Золя закончил работу над «Римом» в начале марта 1896 года и сразу же приступил к составлению подробного «Наброска» нового романа, значительно отличающегося от первоначального. В общих чертах эти изменения сводятся к более отчетливому представлению о государстве, господствующих классах, о связи политики с экономикой. Раньше Золя только констатировал факты, теперь он их хочет осмыслить. Вот какие выразительные и меткие слова запишет он в последнем «Наброске»: «Все, что творится в низах, среди нищеты, является преступлением, а то, что происходит в верхах, у богачей, называется политикой».
Золя давно сделал выбор. Он без всяких условий на стороне угнетенных и считает теперь своей главной задачей проповедь справедливости. Ему хорошо известна сила слова, и он не скрывает, что хотел бы, пусть в малой степени, своим творчеством способствовать рождению будущего. В серии «Три города» и особенно в серии «Четвероевангелие» это стремление к поучениям, несмотря на самые благие намерения автора, нанесет известный ущерб художественности. И все же нельзя не отдать дань уважения прославленному, всеми признанному стареющему писателю, который в конце жизни поставил нравственную сторону искусства вровень с эстетической. Был ли прав или не прав Золя, но он впервые в жизни почувствовал себя прежде всего гражданином, ответственным перед обществом, и только после этого поэтом, художником, для которого творчество является непрерывным самовыражением. Композиционная рыхлость и растянутость его последних романов, повторение ситуаций и образов, уже использованных в «Ругон-Маккарах», дидактизм, торопливость и небрежность в какой-то мере окупаются той публицистической страстностью, которую вкладывает Золя в каждый из своих последних романов. И как ни путанны его идеалы, как ни далеки от марксизма, они рождаются из окончательной убежденности, что буржуазия изжила себя, что требуется новый, справедливый общественный строй, способный избавить человечество от невыносимых страданий.

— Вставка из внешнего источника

(* Let $n$ be a positive integer. Then $\mathsf{QNAADT}(\mathsf{OMB}_n) = \Omega(n)$.
   Context: $\mathsf{OMB}_n:\{0,1\}^n\to\{0,1\}$ is defined by $\mathsf{OMB}_n(x)=1$ if $\max\{i\in[n]:x_i=0\}$ is odd and $0$ otherwise, with $\mathsf{OMB}_n(1^n)=0$. $\mathsf{AND}_S(x)=\prod_{i\in S}x_i$. A quantum non-adaptive AND decision tree of cost $c$ works on a state space $|S_1,\dots,S_c\rangle|b\rangle|w\rangle$ with $S_j\subseteq[n]$, $b\in\{0,1\}^c$ and an arbitrary workspace; it starts from an input-independent state $|\psi\rangle$, applies the oracle $O_x:|S_1,\dots,S_c\rangle|b_1,\dots,b_c\rangle|w\rangle\mapsto|S_1,\dots,S_c\rangle|b_1\oplus\mathsf{AND}_{S_1}(x),\dots,b_c\oplus\mathsf{AND}_{S_c}(x)\rangle|w\rangle$ once, and accepts with probability $\|\Pi O_x|\psi\rangle\|^2$ for a fixed projector $\Pi$. $\mathsf{QNAADT}(f)$ is the minimum cost of such a tree outputting $f(x)$ correctly with probability at least $2/3$ for every $x$. *)

From HB Require Import structures.
From mathcomp Require Import all_boot all_order all_algebra.
From mathcomp Require Import complex.
From mathcomp Require Import Rstruct.
Set Implicit Arguments. Unset Strict Implicit. Unset Printing Implicit Defensive.
Import Order.TTheory GRing.Theory Num.Theory.
Local Open Scope ring_scope.

Definition C : numClosedFieldType := (Rdefinitions.R)[i].

(* Inputs x in {0,1}^n; coordinate i : 'I_n stands for position i+1 in [n]. *)
Definition input n := {ffun 'I_n -> bool}.

(* OMB_n(x) = 1 iff max{ i in [n] : x_i = 0 } is odd (1-indexed);
   OMB_n(1^n) = 0.  With 0-indexed positions, 1-indexed position is i.+1. *)
Definition OMB (n : nat) (x : input n) : bool :=
  let Z := [set i : 'I_n | ~~ x i] in
  if Z == set0 then false else odd (\max_(i in Z) (nat_of_ord i)).+1.

Definition ANDS (n : nat) (S : {set 'I_n}) (x : input n) : bool :=
  [forall i in S, x i].

(* Basis of the state space |S_1,...,S_c>|b_1,...,b_c>|w>, workspace of
   dimension m. *)
Definition basis (n c m : nat) : finType :=
  ({ffun 'I_c -> {set 'I_n}} * {ffun 'I_c -> bool} * 'I_m)%type.

Definition qvec (n c m : nat) := basis n c m -> C.

Definition sqnorm (n c m : nat) (v : qvec n c m) : C :=
  \sum_(k : basis n c m) `|v k| ^+ 2.

Definition oracle_basis (n c m : nat) (x : input n) (k : basis n c m)
  : basis n c m :=
  let: (Ss, bs, w) := k in
  (Ss, [ffun j => bs j (+) ANDS (Ss j) x], w).

(* Its linear extension: (O_x v)(k) = v(O_x^{-1} k) = v(O_x k), as O_x is an
   involution on basis states. *)
Definition oracle (n c m : nat) (x : input n) (v : qvec n c m) : qvec n c m :=
  fun k => v (oracle_basis x k).

(* Orthogonal projector Pi (Hermitian and idempotent), given by its matrix
   entries in the standard basis. *)
Definition is_projector (n c m : nat) (P : basis n c m -> basis n c m -> C)
  : Prop :=
  (forall i j, P i j = (P j i)^*) /\
  (forall i j, \sum_k P i k * P k j = P i j).

Definition apply_op (n c m : nat) (P : basis n c m -> basis n c m -> C)
  (v : qvec n c m) : qvec n c m :=
  fun i => \sum_j P i j * v j.

Definition accept_prob (n c m : nat) (psi : qvec n c m)
  (P : basis n c m -> basis n c m -> C) (x : input n) : C :=
  sqnorm (apply_op P (oracle x psi)).

Definition qnaadt_computes (n c m : nat) (f : input n -> bool)
  (psi : qvec n c m) (P : basis n c m -> basis n c m -> C) : Prop :=
  sqnorm psi = 1 /\ is_projector P /\
  forall x : input n,
    if f x then 2%:R / 3%:R <= accept_prob psi P x
    else 1 - accept_prob psi P x >= 2%:R / 3%:R.

(* There is a quantum non-adaptive AND decision tree of cost c computing f
   (with some finite workspace). QNAADT(f) is the least such c. *)
Definition QNAADT_le (n : nat) (f : input n -> bool) (c : nat) : Prop :=
  exists (m : nat) (psi : qvec n c m) (P : basis n c m -> basis n c m -> C),
    qnaadt_computes f psi P.

From mathcomp Require Import all_boot all_order all_algebra.
From mathcomp Require Import complex Rstruct ring.
Set Implicit Arguments. Unset Strict Implicit. Unset Printing Implicit Defensive.
Import Order.TTheory GRing.Theory Num.Theory.
Local Open Scope ring_scope.

(* The inputs z_j = 0^j 1^(n-j), j = 0..n, alternate in OMB_n, so a tree
   computing OMB_n with error 1/3 must send consecutive inputs z_j, z_(j+1) to
   final states O_(z_j) psi, O_(z_(j+1)) psi at squared distance at least 1/18.
   On the other hand AND_S(z_j) and AND_S(z_(j+1)) differ only when j is the
   least element of S, so O_(z_j) and O_(z_(j+1)) differ only on basis states
   one of whose c query sets has least element j.  Each basis state is thus
   charged for at most c indices j, and the n squared distances sum to at
   most 4c.  Hence n <= 72 c. *)

Definition zero_prefix n j : input n := [ffun i : 'I_n => (j <= i)%N].

Lemma OMB_zero_prefix n j : (j <= n)%N -> OMB (zero_prefix n j) = odd j.
Proof.
move=> le_jn; rewrite /OMB.
have -> : [set i : 'I_n | ~~ zero_prefix n j i] = [set i : 'I_n | (i < j)%N].
  by apply/setP => i; rewrite !inE ffunE -ltnNge.
case: j le_jn => [|j] lt_jn.
  have -> : [set i : 'I_n | (i < 0)%N] = set0 by apply/setP => i; rewrite !inE.
  by rewrite eqxx.
set Z := [set i : 'I_n | (i < j.+1)%N].
have jZ : Ordinal lt_jn \in Z by rewrite inE /=.
have -> : (Z == set0) = false by apply/negbTE/set0Pn; exists (Ordinal lt_jn).
suff -> : \max_(i in Z) nat_of_ord i = j by [].
apply/anti_leq/andP; split; first by apply/bigmax_leqP => i; rewrite inE.
exact: (leq_bigmax_cond _ jZ).
Qed.

Lemma ANDS_zero_prefix n (S : {set 'I_n}) j :
  ANDS S (zero_prefix n j) = [forall l in S, (j <= l)%N].
Proof. by apply: eq_forallb => l /=; rewrite ffunE. Qed.

Definition least_in n (S : {set 'I_n}) (j : 'I_n) :=
  (j \in S) && [forall l in S, (j <= l)%N].

Lemma ANDS_zero_prefix_flip n (S : {set 'I_n}) (j : 'I_n) :
  ANDS S (zero_prefix n j.+1) != ANDS S (zero_prefix n j) -> least_in S j.
Proof.
rewrite !ANDS_zero_prefix /least_in.
have [le_jS|/negP le_jNS] := boolP [forall l in S, (j <= l)%N]; last first.
  rewrite andbF eqbF_neg negbK => /forall_inP lt_jS.
  by case: le_jNS; apply/forall_inP => l /lt_jS /ltnW.
rewrite andbT; apply: contraR => jNS; rewrite eqb_id.
apply/forall_inP => l lS; rewrite ltn_neqAle (forall_inP le_jS l lS) andbT.
by apply: contraNN jNS => /eqP/val_inj->.
Qed.

Lemma sum_least_in_le1 n (S : {set 'I_n}) : (\sum_(j < n) least_in S j <= 1)%N.
Proof.
have [j0 j0_least|no_least] := pickP (least_in S); last first.
  by rewrite big1 // => j _; rewrite no_least.
rewrite (bigD1 j0) //= j0_least big1 // => j neq_jj0.
apply/eqP; rewrite eqb0; apply: contraNN neq_jj0 => /andP[jS le_jS].
case/andP: j0_least => j0S le_j0S.
by apply/eqP/val_inj/anti_leq; rewrite (forall_inP le_jS) ?(forall_inP le_j0S).
Qed.

Definition distinguishes n c (Ss : {ffun 'I_c -> {set 'I_n}}) (j : 'I_n) :=
  [exists i, ANDS (Ss i) (zero_prefix n j.+1) != ANDS (Ss i) (zero_prefix n j)].

Lemma sum_distinguishes_le n c (Ss : {ffun 'I_c -> {set 'I_n}}) :
  (\sum_(j < n) distinguishes Ss j <= c)%N.
Proof.
apply: (@leq_trans (\sum_(j < n) \sum_(i < c) least_in (Ss i) j)).
  apply: leq_sum => j _; case: (boolP (distinguishes Ss j)) => // /existsP[i flip].
  by rewrite (bigD1 i) //= (ANDS_zero_prefix_flip flip).
rewrite exchange_big -[X in (_ <= X)%N]muln1 -[X in (_ <= X * 1)%N]card_ord.
by rewrite -sum_nat_const; apply: leq_sum => i _; apply: sum_least_in_le1.
Qed.

Lemma sqr_normD_le (R : numFieldType) (t x y : R) : 0 < t ->
  `|x + y| ^+ 2 <= (1 + t) * `|x| ^+ 2 + (1 + t^-1) * `|y| ^+ 2.
Proof.
move=> t_gt0; apply: le_trans (_ : (`|x| + `|y|) ^+ 2 <= _).
  by rewrite !expr2 ler_pM ?ler_normD.
rewrite -subr_ge0.
have -> : (1 + t) * `|x| ^+ 2 + (1 + t^-1) * `|y| ^+ 2 - (`|x| + `|y|) ^+ 2
          = (t * `|x| - `|y|) ^+ 2 / t by field; rewrite gt_eqF.
apply: divr_ge0 (ltW t_gt0).
by rewrite -realEsqr realB ?realM ?normr_real ?(gtr0_real t_gt0).
Qed.

Section Projector.
Variables n c m : nat.
Local Notation qv := (qvec n c m).

Definition dotq (u v : qv) : C := \sum_k (u k)^* * v k.

Lemma sqnormE (v : qv) : sqnorm v = dotq v v.
Proof. by apply: eq_bigr => k _; rewrite normCKC. Qed.

Lemma sqnorm_ge0 (v : qv) : 0 <= sqnorm v.
Proof. by apply: sumr_ge0 => k _; rewrite exprn_ge0. Qed.

Lemma sqnormD_le (t : C) (u v : qv) : 0 < t ->
  sqnorm (fun k => u k + v k) <= (1 + t) * sqnorm u + (1 + t^-1) * sqnorm v.
Proof.
move=> t_gt0; rewrite /sqnorm !mulr_sumr -big_split /=.
by apply: ler_sum => k _; apply: sqr_normD_le.
Qed.

Lemma sqnorm_subC (u v : qv) :
  sqnorm (fun k => u k - v k) = sqnorm (fun k => v k - u k).
Proof. by apply: eq_bigr => k _; rewrite distrC. Qed.

Variable P : basis n c m -> basis n c m -> C.
Hypothesis P_proj : is_projector P.

Lemma apply_opB (u v : qv) k :
  apply_op P u k - apply_op P v k = apply_op P (fun j => u j - v j) k.
Proof. by rewrite /apply_op -sumrB; apply: eq_bigr => j _; rewrite mulrBr. Qed.

Lemma dotq_proj (w : qv) :
  dotq (apply_op P w) (apply_op P w) = dotq w (apply_op P w).
Proof.
case: P_proj => P_herm P_idem; rewrite /dotq /apply_op.
under eq_bigr => i _ do rewrite rmorph_sum mulr_suml.
rewrite exchange_big /=; apply: eq_bigr => j _.
transitivity (\sum_i \sum_k (w j)^* * (P j i * P i k * w k)).
  apply: eq_bigr => i _; rewrite mulr_sumr; apply: eq_bigr => k _.
  by rewrite rmorphM /= -(P_herm j i); ring.
rewrite exchange_big /= mulr_sumr; apply: eq_bigr => k _.
by rewrite -(P_idem j k) mulr_suml mulr_sumr; apply: eq_bigr => i _; ring.
Qed.

(* Pythagoras: [w - P w] is orthogonal to [P w]. *)
Lemma sqnorm_proj_le (w : qv) : sqnorm (apply_op P w) <= sqnorm w.
Proof.
set b := apply_op P w.
have dot_wb : dotq w b = sqnorm b by rewrite sqnormE dotq_proj.
have dot_bw : dotq b w = sqnorm b.
  rewrite -(geC0_conj (sqnorm_ge0 b)) -dot_wb rmorph_sum.
  by apply: eq_bigr => k _; rewrite rmorphM /= conjCK mulrC.
have expand : sqnorm (fun k => w k - b k)
              = sqnorm w - dotq w b - dotq b w + sqnorm b.
  rewrite !sqnormE /dotq -!sumrB -big_split /=.
  by apply: eq_bigr => k _; rewrite rmorphB /=; ring.
by have := sqnorm_ge0 (fun k => w k - b k); rewrite expand dot_wb dot_bw subrK subr_ge0.
Qed.

Lemma sqnorm_sub_ge_of_accept_gap (u v : qv) :
  2%:R / 3%:R <= sqnorm (apply_op P u) ->
  2%:R / 3%:R <= 1 - sqnorm (apply_op P v) ->
  1 <= 18%:R * sqnorm (fun k => u k - v k).
Proof.
set a := apply_op P u; set b := apply_op P v => accept_u reject_v.
set d := sqnorm (fun k => u k - v k).
set d' := sqnorm (fun k => a k - b k).
have le_d'd : d' <= d.
  have -> : d' = sqnorm (apply_op P (fun j => u j - v j)).
    by apply: eq_bigr => k _; rewrite apply_opB.
  exact: sqnorm_proj_le.
have le_a : sqnorm a <= 4%:R * d' + 4%:R / 3%:R * sqnorm b.
  have -> : sqnorm a = sqnorm (fun k => a k - b k + b k).
    by apply: eq_bigr => k _; rewrite subrK.
  have four : (1 + 3%:R : C) = 4%:R by rewrite addrC natr1.
  have four_thirds : (1 + 3%:R^-1 : C) = 4%:R / 3%:R by field.
  by rewrite -four -four_thirds sqnormD_le ?ltr0n.
(* [4 d >= 4 d' >= |P u|^2 - 4/3 |P v|^2 >= 2/3 - 4/9], as a linear certificate. *)
rewrite -subr_ge0.
have -> : 18%:R * d - 1 = 18%:R * (d - d')
    + 9%:R / 2%:R * (4%:R * d' + 4%:R / 3%:R * sqnorm b - sqnorm a)
    + 9%:R / 2%:R * (sqnorm a - 2%:R / 3%:R)
    + 6%:R * (1 - sqnorm b - 2%:R / 3%:R) by field.
by rewrite !addr_ge0 // mulr_ge0 ?divr_ge0 ?subr_ge0.
Qed.

End Projector.

Section Hybrid.
Variables n c m : nat.
Local Notation qv := (qvec n c m).

Lemma oracle_basisK (x : input n) : involutive (@oracle_basis n c m x).
Proof.
by case=> [[Ss bs] w]; congr (_, _, _); apply/ffunP => i; rewrite !ffunE addbK.
Qed.

Lemma oracle_basis_sets (x : input n) (k : basis n c m) :
  (oracle_basis x k).1.1 = k.1.1.
Proof. by case: k => [[Ss bs] w]. Qed.

Lemma sum_sqr_norm_oracle (x : input n) (F : {ffun 'I_c -> {set 'I_n}} -> C)
    (psi : qv) :
  \sum_k F k.1.1 * `|oracle x psi k| ^+ 2 = \sum_k F k.1.1 * `|psi k| ^+ 2.
Proof.
rewrite (reindex_inj (inv_inj (oracle_basisK x))) /=.
by apply: eq_bigr => k _; rewrite oracle_basis_sets /oracle oracle_basisK.
Qed.

Lemma oracle_basis_zero_prefixS (j : 'I_n) (k : basis n c m) :
  ~~ distinguishes k.1.1 j ->
  oracle_basis (zero_prefix n j.+1) k = oracle_basis (zero_prefix n j) k.
Proof.
case: k => [[Ss bs] w] /= /existsPn same; congr (_, _, _); apply/ffunP => i.
by rewrite !ffunE; move/negPn/eqP: (same i) ->.
Qed.

Definition hybrid_step (psi : qv) (j : 'I_n) : C :=
  sqnorm (fun k => oracle (zero_prefix n j.+1) psi k - oracle (zero_prefix n j) psi k).

Lemma hybrid_step_le (psi : qv) (j : 'I_n) :
  hybrid_step psi j <= 4%:R * \sum_k (distinguishes k.1.1 j)%:R * `|psi k| ^+ 2.
Proof.
pose F (Ss : {ffun 'I_c -> {set 'I_n}}) : C := (distinguishes Ss j)%:R.
pose z1 := zero_prefix n j.+1; pose z0 := zero_prefix n j.
apply: le_trans (_ : _ <= \sum_k (2%:R * (F k.1.1 * `|oracle z1 psi k| ^+ 2)
                              + 2%:R * (F k.1.1 * `|oracle z0 psi k| ^+ 2))) _.
  apply: ler_sum => k _; rewrite /F /oracle.
  have [_|same] := boolP (distinguishes k.1.1 j); last first.
    rewrite /z1 (oracle_basis_zero_prefixS same) subrr normr0 expr0n /=.
    by rewrite mul0r !mulr0 addr0.
  have := @sqr_normD_le C 1 (psi (oracle_basis z1 k)) (- psi (oracle_basis z0 k)) ltr01.
  by rewrite normrN invr1 !mul1r; apply.
by rewrite big_split /= -!mulr_sumr !sum_sqr_norm_oracle -mulrDl -natrD.
Qed.

Lemma sum_hybrid_step_le (psi : qv) : sqnorm psi = 1 ->
  \sum_(j < n) hybrid_step psi j <= 4%:R * c%:R.
Proof.
move=> psi_unit.
apply: le_trans (ler_sum _ (fun j _ => hybrid_step_le psi j)) _.
rewrite -mulr_sumr ler_wpM2l ?ler0n // exchange_big /=.
rewrite -[c%:R]mulr1 -[X in _ * X]psi_unit /sqnorm mulr_sumr.
apply: ler_sum => k _; rewrite -mulr_suml ler_wpM2r ?exprn_ge0 //.
by rewrite -natr_sum ler_nat sum_distinguishes_le.
Qed.

End Hybrid.

Lemma computes_OMB_hybrid_step_ge n c m (psi : qvec n c m) P (j : 'I_n) :
  qnaadt_computes (@OMB n) psi P -> 1 <= 18%:R * hybrid_step psi j.
Proof.
case=> _ [P_proj correct]; rewrite /hybrid_step.
have := correct (zero_prefix n j); have := correct (zero_prefix n j.+1).
rewrite /accept_prob !OMB_zero_prefix ?(ltnW (ltn_ord j)) //=.
case: (odd j) => /= [reject_next accept_cur|accept_next reject_cur].
  by rewrite sqnorm_subC; apply: (sqnorm_sub_ge_of_accept_gap P_proj).
exact: (sqnorm_sub_ge_of_accept_gap P_proj).
Qed.

Theorem theorem4p2 :
  exists eps : rat, 0 < eps /\
    forall (n : nat), (0 < n)%N ->
      forall c : nat, QNAADT_le (@OMB n) c -> eps * n%:R <= c%:R.
Proof.
exists 72%:R^-1; split=> [|n _ c [m [psi [P computes]]]].
  by rewrite invr_gt0 ltr0n.
suff le_n_72c : (n%:R : C) <= 72%:R * c%:R.
  by rewrite mulrC ler_pdivrMr ?ltr0n // -natrM ler_nat mulnC -(ler_nat C) natrM.
have [psi_unit _] := computes.
apply: le_trans (_ : _ <= 18%:R * \sum_(j < n) hybrid_step psi j) _.
  have -> : (n%:R : C) = \sum_(j < n) 1 by rewrite sumr_const card_ord.
  rewrite mulr_sumr.
  by apply: ler_sum => j _; apply: computes_OMB_hybrid_step_ge computes.
apply: le_trans (ler_wpM2l (ler0n _ _) (sum_hybrid_step_le psi_unit)) _.
by rewrite mulrA -(natrM _ 18 4).
Qed.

Вернувшись из Рима, Пьер лишь по привычке исполняет свои обязанности священника. Он еще убежден в том, что с помощью своего сана может приносить облегчение страждущим и обездоленным. В начале романа мы видим его в кварталах бедноты, где он вместе с аббатом Родом творит добрые дела. Но скоро Пьер разочаровывается в благотворительности, окончательно рвет с церковью и пытается найти надежные средства для решения социальных вопросов.
Золя вводит в свое произведение множество персонажей. Перед нами проходят финансовые дельцы, как будто похожие на тех, с которыми мы встречались в «Ругон-Маккарах». Но напрасно мы стали бы искать среди них Октава Муре или Аристида Саккара, которых автор осуждал и которыми вместе с тем любовался. В «Париже» Золя оставил для них только ненависть и осуждение. Мы видим в романе разложившихся буржуазных политиков, зависящих от финансовых тузов. Они попрали республику, государство, парламент во имя своих эгоистических интересов. Это «буржуазия, все захватившая в свои руки, разжиревшая и, главное, не желающая ничего отдать» («Набросок»). И какой вопиющий контраст составляет по сравнению с жизнью богачей жизнь бедняков, доведенных до отчаяния. Кто же придет им на помощь, где радикальное средство прекратить их страдания? Золя знакомит Пьера с представителями важнейших идейных течений времени. Он сталкивает его с учениками Фурье и Сен-Симона, с последователями Огюста Конта и Прудона, с республиканскими фанатиками, которых преследуют все режимы, в том числе и режим Третьей республики, с последователями социалиста Геда, с анархистами.